Lemma convex_set_comb {R : numFieldType} {Y : lmodType R} (V : set Y) {I : eqType}
    (r : seq I) (w : I -> R) (v : I -> Y) :
  convex_set (V : set (convex_lmodType Y)) ->
  (forall i, i \in r -> 0 <= w i) -> \sum_(i <- r) w i = 1 ->
  (forall i, i \in r -> V (v i)) -> V (\sum_(i <- r) w i *: v i).
Proof.
move=> Vconvex; elim: r w => [|i r IH] w w0 w1 vV.
  by move: w1; rewrite big_nil => /eqP; rewrite eq_sym oner_eq0.
have w0r j : j \in r -> 0 <= w j by move=> jr; apply: w0; rewrite inE jr orbT.
have vVr j : j \in r -> V (v j) by move=> jr; apply: vV; rewrite inE jr orbT.
have Vvi : V (v i) by apply: vV; rewrite inE eqxx.
move: w1; rewrite !big_cons; set t := \sum_(j <- r) w j => wit.
have t0 : 0 <= t by rewrite /t big_seq sumr_ge0.
have wiE : w i = 1 - t by rewrite -wit addrK.
have [t_eq0|t_neq0] := eqVneq t 0.
  have wj0 j : j \in r -> w j = 0.
    move=> jr; move/eqP: t_eq0; rewrite /t big_seq psumr_eq0 // => /allP /(_ j jr).
    by rewrite jr => /eqP.
  rewrite big_seq big1 => [|j /wj0 ->]; last by rewrite scale0r.
  by rewrite addr0 wiE t_eq0 subr0 scale1r.
have t_gt0 : 0 < t by rewrite lt_neqAle eq_sym t_neq0 t0.
set z := \sum_(j <- r) (w j / t) *: v j.
have Vz : V z.
  apply: IH => [j jr||//]; first by rewrite divr_ge0 // w0r.
  by rewrite -mulr_suml divff.
have -> : \sum_(j <- r) w j *: v j = t *: z.
  rewrite scaler_sumr; apply: eq_bigr => j _.
  by rewrite scalerA mulrCA divff ?mulr1.
have wi0 : 0 <= w i by apply: w0; rewrite inE eqxx.
have wi1 : w i <= 1 by rewrite wiE lerBlDr lerDl.
have := Vconvex (v i) z (Itv01 wi0 wi1); rewrite !inE => /(_ Vvi Vz).
suff -> : w i *: v i + t *: z = (v i : convex_lmodType Y) <| Itv01 wi0 wi1 |> z by [].
change (w i *: v i + t *: z = w i *: v i + (1 - w i) *: z).
by rewrite wiE subKr.
Qed.

Definition rat_weights : set (seq (rat * nat)) :=
  [set s | (forall p, p \in s -> 0 <= p.1) /\ \sum_(p <- s) p.1 = 1].

Definition rat_comb {R : numFieldType} {Y : lmodType R} (u : nat -> Y)
    (s : seq (rat * nat)) : Y :=
  \sum_(p <- s) ratr p.1 *: u p.2.

Definition rat_mix (q : rat) (s1 s2 : seq (rat * nat)) : seq (rat * nat) :=
  [seq (q * p.1, p.2) | p <- s1] ++ [seq ((1 - q) * p.1, p.2) | p <- s2].

Lemma rat_weights1 n : rat_weights [:: (1, n)].
Proof. by split => [p|]; [rewrite inE => /eqP -> | rewrite big_seq1]. Qed.

Lemma rat_weights_mix q s1 s2 : 0 <= q <= 1 ->
  rat_weights s1 -> rat_weights s2 -> rat_weights (rat_mix q s1 s2).
Proof.
move=> /andP[q0 q1] [s1_ge0 s1_sum] [s2_ge0 s2_sum]; split.
  move=> p; rewrite mem_cat => /orP[] /mapP[p' p's ->] /=.
    by rewrite mulr_ge0 // s1_ge0.
  by rewrite mulr_ge0 ?subr_ge0 // s2_ge0.
by rewrite big_cat !big_map /= -!mulr_sumr s1_sum s2_sum !mulr1 addrC subrK.
Qed.

Section RationalCombinations.
Context {R : numFieldType} {Y : lmodType R}.
Implicit Types (u : nat -> Y) (s : seq (rat * nat)).

Lemma rat_weights_ratr s : rat_weights s ->
  (forall p, p \in s -> 0 <= ratr p.1 :> R) /\ \sum_(p <- s) ratr p.1 = 1 :> R.
Proof.
move=> [s_ge0 s_sum]; split => [p /s_ge0|]; first by rewrite ler0q.
by rewrite -rmorph_sum s_sum rmorph1.
Qed.

Lemma rat_comb1 u n : rat_comb u [:: (1, n)] = u n.
Proof. by rewrite /rat_comb big_seq1 /= rmorph1 scale1r. Qed.

Lemma rat_comb_mix u q s1 s2 : rat_comb u (rat_mix q s1 s2) =
  ratr q *: rat_comb u s1 + (1 - ratr q) *: rat_comb u s2.
Proof.
rewrite /rat_comb big_cat !big_map !scaler_sumr /=.
by congr (_ + _); apply: eq_bigr => p _; rewrite rmorphM ?rmorphB ?rmorph1 scalerA.
Qed.

Lemma rat_combBr u s y : rat_weights s ->
  rat_comb u s - y = rat_comb (fun n => u n - y) s.
Proof.
move=> /rat_weights_ratr [_ s_sum]; rewrite /rat_comb.
under [RHS]eq_bigr do rewrite scalerBr.
by rewrite sumrB -scaler_suml s_sum scale1r.
Qed.

Lemma convex_rat_comb (C : set Y) u s : convex_set (C : set (convex_lmodType Y)) ->
  rat_weights s -> (forall p, p \in s -> C (u p.2)) -> C (rat_comb u s).
Proof. by move=> Cconvex /rat_weights_ratr [s_ge0 s_sum] sC; exact: convex_set_comb. Qed.

End RationalCombinations.

Lemma open_rat_mix {R : realType} {Y : tvsType R} {V : set Y} {y1 y2 k1 k2 : Y} {l : R} :
  open V -> 0 <= l <= 1 -> V (l *: (y1 - k1) + (1 - l) *: (y2 - k2)) ->
  exists2 q : rat, 0 <= q <= 1 &
    V (l *: y1 + (1 - l) *: y2 - (ratr q *: k1 + (1 - ratr q) *: k2)).
Proof.
move=> Vopen /andP[l0 l1] Vl.
pose h (tau : R) := l *: y1 + (1 - l) *: y2 - (tau *: k1 + (1 - tau) *: k2).
have hl : h l = l *: (y1 - k1) + (1 - l) *: (y2 - k2).
  by rewrite /h !scalerBr opprD addrACA.
have h_cvg : h tau @[tau --> l] --> h l.
  apply: tvs_cvgB; first exact: cvg_cst.
  apply: tvs_cvgD; apply: tvs_cvgZ; try exact: cvg_cst; first exact: cvg_id.
  by apply: cvgB; [exact: cvg_cst | exact: cvg_id].
have /h_cvg /nbhs_normr_lt [delta delta0 deltaV] : nbhs (h l) V.
  by apply: open_nbhs_nbhs; split; rewrite ?hl.
have [eps [eps0 eps1 eps_delta]] : exists eps : R, [/\ 0 < eps, eps <= 1 & eps <= delta].
  by case: (lerP delta 1) => d1; [exists delta | exists 1; split => //; exact: ltW].
(* an interval of length [eps] inside [0, 1], at distance less than [eps] from [l] *)
have [q] : exists q : rat, ratr q \in `](1 - eps) * l, (1 - eps) * l + eps[.
  by apply: rat_in_itvoo; rewrite ltrDl.
rewrite in_itv /= => /andP[q_gt q_lt].
exists q; last by apply: deltaV => /=; rewrite ltr_norml; apply/andP; split; nra.
by rewrite -(ler0q R) -(ler_rat R) rmorph1; apply/andP; split; nra.
Qed.

Definition strip {R : numFieldType} {X : Type} {Y : lmodType R} (g : nat -> X -> Y)
    (V : nat -> set Y) (j : nat) : set (X * Y) :=
  \bigcup_(s in rat_weights) [set p | V j (p.2 - rat_comb (fun n => g (j + n)%N p.1) s)].

Section FrechetStrips.
Context {R : realType} {X : topologicalType} {Y : tvsType R} {d : Y -> Y -> R}.
Hypothesis d_ge0 : forall u v, 0 <= d u v.
Hypothesis d_eq0 : forall u v, d u v = 0 <-> u = v.
Hypothesis d_sym : forall u v, d u v = d v u.
Hypothesis d_tri : forall u v w, d u w <= d u v + d v w.
Hypothesis d_translate : forall u v w, d (u + w) (v + w) = d u v.
Hypothesis nbhs_d : forall (y : Y) (A : set Y),
  nbhs y A <-> exists2 e : R, 0 < e & [set z | d y z < e] `<=` A.

Let d_xx u : d u u = 0. Proof. exact/d_eq0. Qed.

Let d_sub u v : d u v = d 0 (v - u).
Proof. by rewrite -(d_translate u v (- u)) subrr. Qed.

Let d0_add u v : d 0 (u + v) <= d 0 u + d 0 v.
Proof. by apply: le_trans (d_tri 0 u (u + v)) _; rewrite (d_sub u) addrAC subrr add0r. Qed.

Section Strips.
Context {a : cord} {g : nat -> X -> Y} {c : nat -> cord} {f : X -> Y}.
Hypothesis a_ge1 : ole oone a.
Hypothesis c_lt : forall n, olt (c n) a.
Hypothesis g_Baire : forall n, Baire_class (c n) (g n).
Hypothesis g_cvg : forall x, g n x @[n --> \oo] --> f x.

Context {V : nat -> set Y}.
Hypothesis V_open : forall j, open (V j).
Hypothesis V0 : forall j, V j 0.
Hypothesis V_convex : forall j, convex_set (V j : set (convex_lmodType Y)).
Hypothesis V_small : forall j, V j `<=` [set w | d 0 w < j.+1%:R^-1].

Let g_cvg_lt x := cvg_dT_lt d nbhs_d (g_cvg x).

Lemma strip_graph j x : strip g V j (x, f x).
Proof.
have /nbhs_d [e e0 eV] : nbhs (0 : Y) (V j) by exact: open_nbhs_nbhs (conj (V_open j) (V0 j)).
have [M gM] := g_cvg_lt x _ e0.
exists [:: (1, M)]; first exact: rat_weights1.
by apply: eV; rewrite /= rat_comb1 -d_sub d_sym; apply: gM; exact: leq_addl.
Qed.

Lemma strip_near_graph x e : 0 < e -> exists J, forall j, (J <= j)%N ->
  forall y, strip g V j (x, y) -> d (f x) y < e.
Proof.
move=> e0; have e2 : 0 < e / 2 by rewrite divr_gt0.
have [U [Uopen U0 Uconvex Usmall]] : exists U : set Y, [/\ open U, U 0,
    convex_set (U : set (convex_lmodType Y)) & U `<=` [set w | d 0 w < e / 2]].
  by apply: open_convex_nbhs; apply/nbhs_d; exists (e / 2).
have /nbhs_d [e' e'0 e'U] : nbhs (0 : Y) U by exact: open_nbhs_nbhs.
have [M gM] := g_cvg_lt x _ e'0.
have [k /[!add0r] ke] : exists k, 0 + k.+1%:R^-1 < e / 2 by exact: ltr_add_invr.
exists (maxn k M) => j kMj y [s sw /= Vy].
(* [y - f x] splits into a point of [V j] and a convex combination of the
   [g n x - f x], [n >= M], which lies in the convex set [U] *)
have Ucomb : U (rat_comb (fun n => g (j + n)%N x) s - f x).
  rewrite rat_combBr //; apply: convex_rat_comb => // p _.
  apply: e'U; rewrite /= -d_sub; apply: gM.
  exact: leq_trans (leq_maxr k M) (leq_trans kMj (leq_addr _ _)).
have := d0_add (y - rat_comb (fun n => g (j + n)%N x) s)
  (rat_comb (fun n => g (j + n)%N x) s - f x).
rewrite addrA subrK -d_sub.
have := V_small _ _ Vy; have := Usmall _ Ucomb.
have := natSinv_le R (leq_trans (leq_maxl k M) kMj).
by move: ke; set r := k.+1%:R^-1; set r' := j.+1%:R^-1; rewrite /=; lra.
Qed.

Lemma strip_convex j x : convex_set (section_at (strip g V j) x : set (convex_lmodType Y)).
Proof.
move=> y1 y2 l; rewrite !inE /section_at /= => -[s1 s1w V1] [s2 s2w V2].
set u := fun n => g (j + n)%N x in V1 V2 *.
have := V_convex j (y1 - rat_comb u s1) (y2 - rat_comb u s2) l.
rewrite !inE => /(_ V1 V2) Vl.
have l01 : 0 <= l%:num <= 1 by rewrite ge0 le1.
have [q q01 Vq] := open_rat_mix (V_open j) l01 Vl.
by exists (rat_mix q s1 s2); [exact: rat_weights_mix | rewrite /= rat_comb_mix].
Qed.

Lemma strip_Sigma j : Sigma_class a (strip g V j).
Proof.
apply: Sigma_bigcup => // s _.
pose p0 : rat * nat := (0, 0%N).
pose w i := (ratr (nth p0 s i).1 : R).
pose Phi (z : 'I_(size s) -> Y) (y : Y) := y - \sum_(i < size s) w i *: z i.
have -> : [set p | V j (p.2 - rat_comb (fun n => g (j + n)%N p.1) s)] =
    [set p | V j (Phi (fun i => g (j + (nth p0 s i).2)%N p.1) p.2)].
  by apply/seteqP; split => p; rewrite /= /rat_comb (big_nth p0) big_mkord.
have Phi_continuous (H : 'I_(size s) -> X -> Y) : (forall i, continuous (H i)) ->
    continuous (fun p : X * Y => Phi (fun i => H i p.1) p.2).
  move=> Hc p; apply: tvs_cvgB cvg_snd _; apply: tvs_cvg_sum => i.
  exact: continuous_comp cvg_fst (Hc i p.1).
have Phi_cvg (Hn : nat -> 'I_(size s) -> Y) (H : 'I_(size s) -> Y) y :
    (forall i, Hn n i @[n --> \oo] --> H i) -> Phi (Hn n) y @[n --> \oo] --> Phi H y.
  by move=> HnH; apply: tvs_cvgB (cvg_cst y) _; exact: tvs_cvg_sum.
exact: (Sigma_preimage_Baire d_sym d_tri nbhs_d Phi_continuous Phi_cvg a _ _ _
  a_ge1 (fun=> c_lt _) (fun=> g_Baire _) (V_open j)).
Qed.

End Strips.

Lemma Baire_graph_Sigma_strip {a} {f : X -> Y} : ole oone a -> Baire_class a f ->
  exists G : nat -> set (X * Y),
    [/\ forall n, Sigma_strip a (G n), \bigcap_n G n = graph_of f &
      forall x, (fun n => diam d (section_at (G n) x)) @ \oo --> 0%E].
Proof.
move=> a1 fa; have [g [c [ca gc gf]]] := Baire_class_lim fa (ole_refl a) a1.
have /choice [V VP] : forall j, exists V : set Y, [/\ open V, V 0,
    convex_set (V : set (convex_lmodType Y)) & V `<=` [set w | d 0 w < j.+1%:R^-1]].
  by move=> j; apply: open_convex_nbhs; apply/nbhs_d; exists j.+1%:R^-1 => //; exact: natSinv_gt0.
have V_open j : open (V j) by have [] := VP j.
have V0 j : V j 0 by have [] := VP j.
have V_convex j : convex_set (V j : set (convex_lmodType Y)) by have [] := VP j.
have V_small j : V j `<=` [set w | d 0 w < j.+1%:R^-1] by have [] := VP j.
have [capG diamG] := bigcap_graph_diam_cvg0 d d_ge0 (fun u v => proj1 (d_eq0 u v)) d_xx
  d_sym d_tri (strip_graph gf V_open V0) (strip_near_graph gf V_small).
exists (strip g V); split => // j.
split; first exact (strip_Sigma a1 ca gc V_open j).
exact (strip_convex V_open V_convex j).
Qed.

End FrechetStrips.

Theorem theorem1p6 (R : realType) (X : topologicalType) (a : cord) :
  ole oone a ->
  (forall (Y : metricType R) (f : X -> Y), Baire_class a f ->
    exists G : nat -> set (X * Y),
      (forall n, Sigma_class a (G n)) /\
      \bigcap_n G n = graph_of f /\
      (forall x, (fun n => diam mdist (section_at (G n) x)) @ \oo --> 0%E)) /\
  (forall (Y : tvsType R) (d : Y -> Y -> R) (f : X -> Y),
    frechet_metric d -> Baire_class a f ->
    exists G : nat -> set (X * Y),
      (forall n, Sigma_strip a (G n)) /\
      \bigcap_n G n = graph_of f /\
      (forall x, (fun n => diam d (section_at (G n) x)) @ \oo --> 0%E)).
Proof.
move=> a1; split => [Y f fa|Y d f [d_ge0 [d_eq0 [d_sym [d_tri [d_translate [nbhs_d _]]]]]] fa].
  by have [G [GSigma capG diamG]] := Baire_graph_Sigma_metric a1 fa; exists G.
have [G [Gstrip capG diamG]] := Baire_graph_Sigma_strip d_ge0 d_eq0 d_sym d_tri
  d_translate nbhs_d a1 fa.
by exists G.
Qed.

Task brief =>
Copy the lines above exactly. Start with the line containing "move=> a1 fa;", end with the line containing "have V_small j", and include both.

Solved problem =>
move=> a1 fa; have [g [c [ca gc gf]]] := Baire_class_lim fa (ole_refl a) a1.
have /choice [V VP] : forall j, exists V : set Y, [/\ open V, V 0,
    convex_set (V : set (convex_lmodType Y)) & V `<=` [set w | d 0 w < j.+1%:R^-1]].
  by move=> j; apply: open_convex_nbhs; apply/nbhs_d; exists j.+1%:R^-1 => //; exact: natSinv_gt0.
have V_open j : open (V j) by have [] := VP j.
have V0 j : V j 0 by have [] := VP j.
have V_convex j : convex_set (V j : set (convex_lmodType Y)) by have [] := VP j.
have V_small j : V j `<=` [set w | d 0 w < j.+1%:R^-1] by have [] := VP j.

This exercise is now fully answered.